Term boy was delivered with birth weight of 1.8 kg. Bedside 2D echocardiography done for an incidental murmur showed truncus arteriosus (TA) type II with interrupted aortic arch (IAA) type B and a large patent ductus arteriosus (PDA) and hence, was started on intravenous prostaglandin. He had multiple other co-morbidities such as congenital pneumonia, anorectal malformations, and glanular hypospadias. FISH test was negative for DiGeorge syndrome.
In view of low birth weight and multiple co-morbidities, staged repair was planned and bilateral PA banding was done at 11 days of life. A 3-mm polytetrafluorethylene (PTFE) tube was used to create a band and placed on both PAs. The systemic partial pressure of oxygen after PA banding was 44 mm of mercury with FiO2 of 21%. The patient had good post-operative recovery and was sent to the primary hospital on the fourth post-operative day. Figure 1 demonstrates the computerized tomography (CT) scan of the pulmonary artery after PA banding.

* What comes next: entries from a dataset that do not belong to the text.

(* Let $S=s_1,\ldots,s_n$ be a sequence of nonnegative integers with mean $\mu$, let $\gamma>0$, $k$ a positive integer and $\epsilon>0$. Let $(L,\alpha,\beta)$ be an optimal solution of $\textsc{Geo}$ for $S,\gamma,k$. Let $\sigma=\frac{\mu}{1/n+\mu}$ and $\alpha'=\sigma^{\epsilon/k}$. If $\alpha\ge\alpha'$, then \[ \mathrm{score}_{\mathrm{geo}}(L,S;\alpha',\beta,\gamma)\le(1+\epsilon)\,\mathrm{score}_{\mathrm{geo}}(L,S;\alpha,\beta,\gamma). \]
   Context: A level sequence is $L=\ell_1,\ldots,\ell_n$ of integers with $0\le\ell_i\le k$; set $\ell_0=0$. The penalty is $\mathrm{pen}(x,y)=\max(y-x,0)\,\gamma\log n$. The geometric distribution is $p_{\mathrm{geo}}(s;\lambda)=(1-\lambda)\lambda^s$ (with $0^0=1$). For $0\le\alpha<1$, $0<\beta<1$: $\mathrm{score}_{\mathrm{geo}}(L,S;\alpha,\beta,\gamma)=\sum_{i=1}^n\big[-\log p_{\mathrm{geo}}(s_i;\beta\alpha^{\ell_i})+\mathrm{pen}(\ell_{i-1},\ell_i)\big]$. Problem $\textsc{Geo}$: given $S,\gamma,k$, find $L$, $\alpha$ and $\beta$ minimizing this score. *)

(* concrete reals R, with Coquelicot's extended reals Rbar
   to represent -log 0 = +oo honestly. *)
From Stdlib Require Import Reals Lra List.
From Coquelicot Require Import Coquelicot.
Open Scope R_scope.

(* -log p_geo(s; lam), where p_geo(s; lam) = (1-lam) lam^s with 0^0 = 1.
   When lam = 0 and s > 0 the probability is 0, so -log is +oo. *)
Definition neglog_pgeo (s : nat) (lam : R) : Rbar :=
  if Req_EM_T lam 0 then
    (match s with O => Finite (- ln (1 - lam)) | S _ => p_infty end)
  else Finite (- ln ((1 - lam) * lam ^ s)).

Definition pen (gamma : R) (n : nat) (x y : nat) : R :=
  Rmax (INR y - INR x) 0 * gamma * ln (INR n).

(* sum_{i} [ -log p_geo(s_i; beta alpha^{l_i}) + pen(l_{i-1}, l_i) ],
   with prev = l_{i-1}; n is the length of the full sequence S. *)
Fixpoint score_aux (n : nat) (prev : nat) (L S : list nat)
  (alpha beta gamma : R) : Rbar :=
  match L, S with
  | l :: L', s :: S' =>
      Rbar_plus
        (Rbar_plus (neglog_pgeo s (beta * alpha ^ l)) (Finite (pen gamma n prev l)))
        (score_aux n l L' S' alpha beta gamma)
  | _, _ => Finite 0
  end.

Definition score_geo (L S : list nat) (alpha beta gamma : R) : Rbar :=
  score_aux (length S) 0 L S alpha beta gamma.

Definition valid_levels (k : nat) (S L : list nat) : Prop :=
  length L = length S /\ List.Forall (fun l => (l <= k)%nat) L.

Definition valid_params (alpha beta : R) : Prop :=
  0 <= alpha < 1 /\ 0 < beta < 1.

Definition geo_optimal (S : list nat) (gamma : R) (k : nat)
  (L : list nat) (alpha beta : R) : Prop :=
  valid_levels k S L /\ valid_params alpha beta /\
  forall L' alpha' beta', valid_levels k S L' -> valid_params alpha' beta' ->
    Rbar_le (score_geo L S alpha beta gamma) (score_geo L' S alpha' beta' gamma).

Definition mean (S : list nat) : R :=
  INR (fold_right Nat.add 0%nat S) / INR (length S).

(* x^y for x >= 0, y > 0, with 0^y = 0 (Stdlib's Rpower is junk at 0). *)
Definition rpow (x y : R) : R :=
  if Req_EM_T x 0 then 0 else Rpower x y.

(* Write T = s_1 + ... + s_n, so that sigma = T / (T + 1).  Lowering alpha to
   alpha' raises the i-th term by at most s_i l_i (ln alpha - ln alpha'), which is
   at most s_i eps (- ln sigma) because l_i <= k and ln alpha <= 0.  Summing, the
   additive loss is at most eps T ln (1 + 1/T) <= eps.  If T >= 1, some s_i >= 1
   and its term is at least -ln ((1 - lam) lam) >= ln 4 >= 1, so the score is at
   least 1 and absorbs the loss multiplicatively.  If T = 0, then alpha' = 0 and
   only the terms -ln (1 - beta alpha^l) remain, which grow with alpha. *)

From Stdlib Require Import Reals List Lra Lia.
From Coquelicot Require Import Coquelicot.
Open Scope R_scope.

Lemma In_le_list_sum s S : In s S -> (s <= list_sum S)%nat.
Proof.
  induction S as [|s' S IH]; simpl; [contradiction|].
  intros [-> | Hs]; [|specialize (IH Hs)]; lia.
Qed.

Lemma pow_le_1 x n : 0 <= x <= 1 -> x ^ n <= 1.
Proof. intros Hx; rewrite <- (pow1 n); apply pow_incr; lra. Qed.

(* Agrees with [neglog_pgeo] wherever p_geo does not vanish (see [neglog_pgeo_finite]). *)
Definition geo_nll (s : nat) (lam : R) : R := - ln ((1 - lam) * lam ^ s).

Lemma neglog_pgeo_finite s lam :
  lam <> 0 \/ s = 0%nat -> neglog_pgeo s lam = Finite (geo_nll s lam).
Proof.
  intros Hlam; unfold neglog_pgeo, geo_nll.
  destruct (Req_EM_T lam 0) as [Hzero|]; [subst lam|reflexivity].
  destruct Hlam as [Hlam| ->]; [contradiction|].
  simpl; rewrite Rmult_1_r; reflexivity.
Qed.

Lemma geo_pmf_bounds s lam : 0 <= lam < 1 -> (0 < lam \/ s = 0%nat) ->
  0 < (1 - lam) * lam ^ s <= 1.
Proof.
  intros Hlam Hs.
  assert (Hpow : 0 < lam ^ s) by (destruct Hs as [Hs| ->]; [apply pow_lt | simpl]; lra).
  assert (lam ^ s <= 1) by (apply pow_le_1; lra).
  split; nra.
Qed.

Lemma geo_nll_ge0 s lam : 0 <= lam < 1 -> (0 < lam \/ s = 0%nat) -> 0 <= geo_nll s lam.
Proof.
  intros Hlam Hs; destruct (geo_pmf_bounds s lam Hlam Hs) as [Hp Hp1].
  assert (ln ((1 - lam) * lam ^ s) <= ln 1) by (apply ln_le; assumption).
  rewrite ln_1 in *; unfold geo_nll; lra.
Qed.

(* An observation s >= 1 has probability at most (1 - lam) lam <= 1/4 < 1/e. *)
Lemma geo_nll_ge1 s lam : 0 < lam < 1 -> (0 < s)%nat -> 1 <= geo_nll s lam.
Proof.
  intros Hlam Hs; destruct s as [|s]; [lia|].
  assert (0 <= lam ^ s <= 1) by (split; [apply pow_le | apply pow_le_1]; lra).
  assert (Hquarter : (1 - lam) * lam ^ S s <= / 4).
  { assert ((1 - lam) * lam <= / 4)
      by (pose proof (Rle_0_sqr (lam - / 2)); unfold Rsqr in *; nra).
    replace ((1 - lam) * lam ^ S s) with ((1 - lam) * lam * lam ^ s) by (simpl; ring).
    assert (0 <= (1 - lam) * lam) by nra.
    nra. }
  assert (Hln4 : 1 <= ln 4).
  { replace 4 with (2 * 2) by lra; rewrite ln_mult by lra; pose proof ln_lt_2; lra. }
  assert (ln ((1 - lam) * lam ^ S s) <= ln (/ 4)).
  { apply ln_le; [apply (geo_pmf_bounds (S s)) | exact Hquarter]; lra. }
  rewrite ln_Rinv in * by lra; unfold geo_nll; lra.
Qed.

Lemma geo_nll_level_split s l b x : 0 < b < 1 -> 0 < x < 1 ->
  geo_nll s (b * x ^ l) = - ln (1 - b * x ^ l) - INR s * (ln b + INR l * ln x).
Proof.
  intros Hb Hx.
  assert (0 < x ^ l) by (apply pow_lt; lra).
  assert (x ^ l <= 1) by (apply pow_le_1; lra).
  unfold geo_nll; rewrite ln_mult, ln_pow, ln_mult, ln_pow by (try apply pow_lt; nra).
  ring.
Qed.

Lemma geo_nll_level_shift s l a a' b : 0 < a' <= a -> a < 1 -> 0 < b < 1 ->
  geo_nll s (b * a' ^ l) <= geo_nll s (b * a ^ l) + INR s * (INR l * (ln a - ln a')).
Proof.
  intros Ha' Ha Hb.
  rewrite !geo_nll_level_split by lra.
  assert (b * a' ^ l <= b * a ^ l) by (apply Rmult_le_compat_l; [lra | apply pow_incr; lra]).
  assert (b * a ^ l < 1) by (pose proof (pow_le_1 a l ltac:(lra)); nra).
  assert (ln (1 - b * a ^ l) <= ln (1 - b * a' ^ l)) by (apply ln_le; lra).
  lra.
Qed.

Lemma geo_nll0_le x y : 0 <= x <= y -> y < 1 -> geo_nll 0 x <= geo_nll 0 y.
Proof.
  intros Hxy Hy; unfold geo_nll; simpl; rewrite !Rmult_1_r.
  apply Ropp_le_contravar, ln_le; lra.
Qed.

Fixpoint score_real (n prev : nat) (L S : list nat) (a b g : R) : R :=
  match L, S with
  | l :: L', s :: S' => geo_nll s (b * a ^ l) + pen g n prev l + score_real n l L' S' a b g
  | _, _ => 0
  end.

Lemma score_aux_finite n p L S a b g : 0 < b ->
  (0 < a \/ forall s, In s S -> s = 0%nat) ->
  score_aux n p L S a b g = Finite (score_real n p L S a b g).
Proof.
  intros Hb; revert p S; induction L as [|l L IH]; intros p [|s S] Hterm; try reflexivity.
  simpl; rewrite neglog_pgeo_finite, IH; [reflexivity| |].
  - destruct Hterm as [|Hzero]; [left | right; intros; apply Hzero; right]; assumption.
  - destruct Hterm as [|Hzero]; [left | right; apply Hzero; left; reflexivity].
    apply Rgt_not_eq, Rmult_lt_0_compat, pow_lt; assumption.
Qed.

Lemma pen_ge0 g n p l : 0 < g -> (1 <= n)%nat -> 0 <= pen g n p l.
Proof.
  intros Hg Hn; unfold pen.
  assert (1 <= INR n) by (apply (le_INR 1); assumption).
  assert (0 <= ln (INR n)) by (rewrite <- ln_1; apply ln_le; lra).
  pose proof (Rmax_r (INR l - INR p) 0).
  apply Rmult_le_pos; [apply Rmult_le_pos|]; lra.
Qed.

Lemma score_real_ge0 n p L S a b g : 0 <= a < 1 -> 0 < b < 1 -> 0 < g -> (1 <= n)%nat ->
  (0 < a \/ forall s, In s S -> s = 0%nat) -> 0 <= score_real n p L S a b g.
Proof.
  intros Ha Hb Hg Hn; revert p S; induction L as [|l L IH]; intros p [|s S] Hterm;
    simpl; try lra.
  assert (0 <= a ^ l <= 1) by (split; [apply pow_le | apply pow_le_1]; lra).
  assert (0 <= geo_nll s (b * a ^ l)).
  { apply geo_nll_ge0; [nra|].
    destruct Hterm as [|Hzero]; [left | right; apply Hzero; left; reflexivity].
    apply Rmult_lt_0_compat, pow_lt; lra. }
  assert (0 <= score_real n l L S a b g).
  { apply IH; destruct Hterm as [|Hzero]; [left | right; intros; apply Hzero; right]; assumption. }
  pose proof (pen_ge0 g n p l Hg Hn); lra.
Qed.

Lemma score_real_ge1 n p L S a b g : 0 < a < 1 -> 0 < b < 1 -> 0 < g -> (1 <= n)%nat ->
  length L = length S -> (0 < list_sum S)%nat -> 1 <= score_real n p L S a b g.
Proof.
  intros Ha Hb Hg Hn; revert p S; induction L as [|l L IH]; intros p [|s S] HL HT;
    simpl in *; try discriminate; [lia|].
  assert (Hlam : 0 < b * a ^ l < 1)
    by (pose proof (pow_lt a l ltac:(lra)); pose proof (pow_le_1 a l ltac:(lra)); nra).
  pose proof (pen_ge0 g n p l Hg Hn).
  pose proof (geo_nll_ge0 s (b * a ^ l) ltac:(lra) (or_introl (proj1 Hlam))).
  pose proof (score_real_ge0 n l L S a b g ltac:(lra) Hb Hg Hn (or_introl (proj1 Ha))).
  destruct (Nat.eq_dec s 0) as [-> | Hs].
  - pose proof (IH l S ltac:(lia) HT); lra.
  - pose proof (geo_nll_ge1 s (b * a ^ l) Hlam ltac:(lia)); lra.
Qed.

Lemma score_real_shift_le n p L S a a' b g c : length L = length S ->
  (forall l s, In l L -> In s S -> geo_nll s (b * a' ^ l) <= geo_nll s (b * a ^ l) + INR s * c) ->
  score_real n p L S a' b g <= score_real n p L S a b g + c * INR (list_sum S).
Proof.
  revert p S; induction L as [|l L IH]; intros p [|s S] HL Hterm; simpl in *;
    try discriminate; [lra|].
  rewrite plus_INR.
  pose proof (Hterm l s (or_introl eq_refl) (or_introl eq_refl)).
  pose proof (IH l S ltac:(lia) (fun l' s' Hl Hs => Hterm l' s' (or_intror Hl) (or_intror Hs))).
  lra.
Qed.

Lemma score_real_shift_no_events n p L S a a' b g : length L = length S ->
  (forall s, In s S -> s = 0%nat) -> 0 <= a' <= a -> a < 1 -> 0 < b < 1 ->
  score_real n p L S a' b g <= score_real n p L S a b g.
Proof.
  intros HL Hzero Ha' Ha Hb.
  rewrite <- (Rplus_0_r (score_real n p L S a b g)), <- (Rmult_0_l (INR (list_sum S))).
  apply score_real_shift_le; [assumption|].
  intros l s _ Hs; rewrite (Hzero s Hs), Rmult_0_r, Rplus_0_r.
  pose proof (pow_le_1 a l ltac:(lra)).
  assert (0 <= b * a' ^ l) by (apply Rmult_le_pos; [lra | apply pow_le; lra]).
  assert (b * a' ^ l <= b * a ^ l) by (apply Rmult_le_compat_l; [lra | apply pow_incr; lra]).
  apply geo_nll0_le; nra.
Qed.

Lemma score_real_shift_events n p L S a a' b g k eps :
  0 < a' <= a -> a < 1 -> 0 < b < 1 -> 0 < g -> (1 <= n)%nat ->
  length L = length S -> List.Forall (fun l => (l <= k)%nat) L -> (0 < list_sum S)%nat ->
  INR k * (ln a - ln a') * INR (list_sum S) <= eps ->
  score_real n p L S a' b g <= (1 + eps) * score_real n p L S a b g.
Proof.
  intros Ha' Ha Hb Hg Hn HL Hk HT Hcost.
  assert (Hgap : 0 <= ln a - ln a') by (pose proof (ln_le a' a ltac:(lra) ltac:(lra)); lra).
  assert (Hshift : score_real n p L S a' b g
                   <= score_real n p L S a b g + INR k * (ln a - ln a') * INR (list_sum S)).
  { apply score_real_shift_le; [assumption|].
    intros l s Hl _.
    assert (INR l <= INR k) by (apply le_INR; rewrite List.Forall_forall in Hk; auto).
    assert (INR l * (ln a - ln a') <= INR k * (ln a - ln a')) by (apply Rmult_le_compat_r; lra).
    pose proof (pos_INR s); pose proof (geo_nll_level_shift s l a a' b Ha' Ha Hb).
    nra. }
  pose proof (score_real_ge1 n p L S a b g ltac:(lra) Hb Hg Hn HL HT).
  assert (0 <= INR k) by apply pos_INR.
  assert (0 < INR (list_sum S)) by (apply lt_0_INR; assumption).
  assert (0 <= INR k * (ln a - ln a') * INR (list_sum S)) by (apply Rmult_le_pos; nra).
  nra.
Qed.

Lemma mean_ratio S : (0 < length S)%nat ->
  mean S / (1 / INR (length S) + mean S) = INR (list_sum S) / (1 + INR (list_sum S)).
Proof.
  intros HS; unfold mean; change (fold_right Nat.add 0%nat S) with (list_sum S).
  assert (0 < INR (length S)) by (apply lt_0_INR; assumption).
  pose proof (pos_INR (list_sum S)).
  field; lra.
Qed.

Lemma ln_ratio_bound t : 0 < t -> - ln (t / (1 + t)) * t <= 1.
Proof.
  intros Ht.
  replace (- ln (t / (1 + t))) with (ln (1 + / t))
    by (rewrite <- ln_Rinv by (apply Rdiv_lt_0_compat; lra); f_equal; field; lra).
  assert (ln (1 + / t) <= / t).
  { rewrite <- (ln_exp (/ t)) at 2.
    apply ln_le; [pose proof (Rinv_0_lt_compat t Ht); lra | apply exp_ineq1_le]. }
  replace 1 with (/ t * t) at 2 by (field; lra).
  apply Rmult_le_compat_r; lra.
Qed.

Lemma level_shift_cost_le k eps t a : (0 < k)%nat -> 0 < eps -> 0 < t -> 0 < a <= 1 ->
  INR k * (ln a - eps / INR k * ln (t / (1 + t))) * t <= eps.
Proof.
  intros Hk He Ht Ha.
  assert (Hk0 : 0 < INR k) by (apply lt_0_INR; assumption).
  assert (Hla : ln a <= 0) by (rewrite <- ln_1; apply ln_le; lra).
  pose proof (ln_ratio_bound t Ht) as Hratio.
  replace (INR k * (ln a - eps / INR k * ln (t / (1 + t))) * t)
    with (INR k * t * ln a + eps * (- ln (t / (1 + t)) * t)) by (field; lra).
  assert (0 < INR k * t) by (apply Rmult_lt_0_compat; assumption).
  nra.
Qed.

Lemma rpow_0_l y : rpow 0 y = 0.
Proof. unfold rpow; destruct (Req_EM_T 0 0); [reflexivity | contradiction]. Qed.

Lemma rpow_pos x y : 0 < x -> 0 < rpow x y.
Proof.
  intros Hx; unfold rpow; destruct (Req_EM_T x 0); [lra | apply exp_pos].
Qed.

Lemma ln_rpow x y : 0 < x -> ln (rpow x y) = y * ln x.
Proof.
  intros Hx; unfold rpow; destruct (Req_EM_T x 0); [lra | apply ln_Rpower].
Qed.

Theorem lemma5 (S : list nat) (gamma : R) (k : nat) (eps : R)
  (L : list nat) (alpha beta : R) :
  (0 < length S)%nat -> 0 < gamma -> (0 < k)%nat -> 0 < eps ->
  geo_optimal S gamma k L alpha beta ->
  let n := INR (length S) in
  let mu := mean S in
  let sigma := mu / (1 / n + mu) in
  let alpha' := rpow sigma (eps / INR k) in
  alpha' <= alpha ->
  Rbar_le (score_geo L S alpha' beta gamma)
          (Rbar_mult (Finite (1 + eps)) (score_geo L S alpha beta gamma)).
Proof.
  intros HS Hg Hk He [[HL Hlevels] [[Ha Hb] _]] n mu sigma alpha' Ha'.
  assert (Hsigma : sigma = INR (list_sum S) / (1 + INR (list_sum S))) by (apply mean_ratio; assumption).
  assert (Hn : (1 <= length S)%nat) by lia.
  unfold score_geo.
  destruct (Nat.eq_dec (list_sum S) 0) as [HT | HT].
  - assert (Hzero : forall s, In s S -> s = 0%nat)
      by (intros s Hs; pose proof (In_le_list_sum s S Hs); lia).
    assert (Ha'0 : alpha' = 0)
      by (unfold alpha'; rewrite Hsigma, HT, Rdiv_0_l; apply rpow_0_l).
    rewrite !score_aux_finite by (lra || (right; assumption)).
    pose proof (score_real_shift_no_events (length S) 0 L S alpha alpha' beta gamma HL Hzero
                  ltac:(lra) ltac:(lra) Hb).
    pose proof (score_real_ge0 (length S) 0 L S alpha beta gamma ltac:(lra) Hb Hg Hn (or_intror Hzero)).
    simpl; nra.
  - assert (HTpos : 0 < INR (list_sum S)) by (apply lt_0_INR; lia).
    assert (Hsig : 0 < sigma) by (rewrite Hsigma; apply Rdiv_lt_0_compat; lra).
    assert (Ha'pos : 0 < alpha') by (apply rpow_pos; assumption).
    rewrite !score_aux_finite by (lra || (left; lra)).
    apply (score_real_shift_events _ _ _ _ _ _ _ _ k);
      [lra | lra | exact Hb | exact Hg | exact Hn | exact HL | exact Hlevels | lia |].
    unfold alpha'; rewrite ln_rpow, Hsigma by assumption.
    apply level_shift_cost_le; lra || assumption.
Qed.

However, the corrective surgery was delayed due to multiple episodes of Klebsiella pneumoniae bacteremia. Immunodeficiency study done revealed deficiency in T cell line. The PDA was kept patent by intravenous prostin at 5 ng/kg/min. Following optimization, with a weight of 7 kg, the baby was rendered suitable for definitive surgery after 13 months of PA banding and underwent truncus repair with IAA repair. Cardiopulmonary bypass (CPB) was established using bi-arterial (aortic and PDA) and bicaval cannulation and left heart venting via right superior pulmonary vein. PDA was ligated, and branch PAs were debanded and checked for distensibility. We occluded the branch PAs distal to the debanded site with neurosurgical clips. Ventilation was resumed while partially coming off CPB to allow the heart to pump against the distally clipped branched pulmonary arteries and allowed them to distend. The branch PAs distended completely without narrowing. CPB was resumed and pulmonary button was harvested. The arch was reconstructed using autologous pericardium under antegrade cerebral perfusion. Right ventricle to PA continuity was established using a 12-mm Contegra graft. Termination of CPB was eventful. The chest was closed after 24 h. The patient developed chylothorax, which responded to conservative management and was discharged on the seventh POD. The echocardiography done at the 4th post-operative day showed the gradient across the right PA to be 15 mmHg and through left PA as 20 mmHg. On 1 year follow-up, the child was noted to be doing well. The follow-up CT scan showed good branch PAs with no residual stenosis (Fig. 2).